(** When both trajectories of [nu] move, their gap obeys a linear differential inequality
    forced by the gaps of the neighbours; Gronwall integrates it. *)
Lemma gap_moving lam T nu s : 0 <= lam ->
  (forall mu, common mu -> forall u, 0 <= u < T -> gap mu u <= lam * M * u) ->
  common nu -> solves_ode n nbr f chi_i nu -> solves_ode n nbr f chi_l nu ->
  (forall c, (c < n)%nat -> chi_i nu 0 c = chi_l nu 0 c) ->
  (forall mu, In mu (nbr nu) -> common mu) -> 0 <= s <= T ->
  gap nu s <= L1 * sN * lam * M * phi L2 s / L2 ^ 2.
Proof.
  intros Hlam Hprev Hc [Hdi Hci] [Hdl Hcl] Hinit Hnbr Hs.
  pose proof sN_pos.
  apply (enorm_gronwall n (fun u c => chi_i nu u c - chi_l nu u c)
           (fun u c => drift_i nu u c - drift_l nu u c) L2 (L1 * sN * lam * M)); try lra.
  - repeat apply Rmult_le_pos; lra.
  - intros c Hcn u Hu. apply derivable_pt_lim_minus; [apply Hdi|apply Hdl]; assumption.
  - exact (rcont_at0_sub n (chi_i nu) (chi_l nu) Hci Hcl).
  - intros c Hcn. rewrite Hinit by exact Hcn. ring.
  - intros u Hu.
    change (vdist n (drift_i nu u) (drift_l nu u) <= L2 * gap nu u + L1 * sN * lam * M * u).
    replace (L1 * sN * lam * M * u) with (L1 * sN * (lam * M * u)) by ring.
    apply drift_gap_le; [exact (common_lt nu Hc)|apply Rmult_le_pos; [apply Rmult_le_pos|]; lra|].
    intros mu Hmu. apply Hprev; [exact (Hnbr mu Hmu)|lra].
Qed.

Lemma gap_step lam T : 0 <= lam ->
  (forall mu, common mu -> forall u, 0 <= u < T -> gap mu u <= lam * M * u) ->
  forall nu, common nu -> forall s, 0 <= s <= T ->
  gap nu s <= Rmax (M * s) (L1 * sN * lam * M * phi L2 s / L2 ^ 2).
Proof.
  intros Hlam Hprev nu Hc s Hs. destruct Hc as [H1 H2].
  destruct (ref_traj_cases n nbr f I xG m i li chi_i Hm Hri nu H1) as [[Hodei [Hinii Hnbi]]|Hfri].
  - destruct (ref_traj_cases n nbr f I xG m l ll chi_l Hm Hrl nu H2) as [[Hodel [Hinil Hnbl]]|Hfrl].
    + eapply Rle_trans; [|apply Rmax_r].
      apply (gap_moving lam T); try assumption.
      * split; assumption.
      * intros c Hcn. rewrite Hinii, Hinil, (Hcons nu H1 H2) by exact Hcn. reflexivity.
      * intros mu Hmu. split; [apply Hnbi|apply Hnbl]; exact Hmu.
    + eapply Rle_trans; [|apply Rmax_l].
      apply gap_le_M_of_frozen; [split; assumption|lra|right; apply Hfrl; lra].
  - eapply Rle_trans; [|apply Rmax_l].
    apply gap_le_M_of_frozen; [split; assumption|lra|left; apply Hfri; lra].
Qed.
- - -
**Assigned task:** Going back to the entries above, set down exactly the lines that begin at the one with "forced by the" and end at the one with "forall nu, common", both included, and nothing else.

**Response:**
    forced by the gaps of the neighbours; Gronwall integrates it. *)
Lemma gap_moving lam T nu s : 0 <= lam ->
  (forall mu, common mu -> forall u, 0 <= u < T -> gap mu u <= lam * M * u) ->
  common nu -> solves_ode n nbr f chi_i nu -> solves_ode n nbr f chi_l nu ->
  (forall c, (c < n)%nat -> chi_i nu 0 c = chi_l nu 0 c) ->
  (forall mu, In mu (nbr nu) -> common mu) -> 0 <= s <= T ->
  gap nu s <= L1 * sN * lam * M * phi L2 s / L2 ^ 2.
Proof.
  intros Hlam Hprev Hc [Hdi Hci] [Hdl Hcl] Hinit Hnbr Hs.
  pose proof sN_pos.
  apply (enorm_gronwall n (fun u c => chi_i nu u c - chi_l nu u c)
           (fun u c => drift_i nu u c - drift_l nu u c) L2 (L1 * sN * lam * M)); try lra.
  - repeat apply Rmult_le_pos; lra.
  - intros c Hcn u Hu. apply derivable_pt_lim_minus; [apply Hdi|apply Hdl]; assumption.
  - exact (rcont_at0_sub n (chi_i nu) (chi_l nu) Hci Hcl).
  - intros c Hcn. rewrite Hinit by exact Hcn. ring.
  - intros u Hu.
    change (vdist n (drift_i nu u) (drift_l nu u) <= L2 * gap nu u + L1 * sN * lam * M * u).
    replace (L1 * sN * lam * M * u) with (L1 * sN * (lam * M * u)) by ring.
    apply drift_gap_le; [exact (common_lt nu Hc)|apply Rmult_le_pos; [apply Rmult_le_pos|]; lra|].
    intros mu Hmu. apply Hprev; [exact (Hnbr mu Hmu)|lra].
Qed.

Lemma gap_step lam T : 0 <= lam ->
  (forall mu, common mu -> forall u, 0 <= u < T -> gap mu u <= lam * M * u) ->
  forall nu, common nu -> forall s, 0 <= s <= T ->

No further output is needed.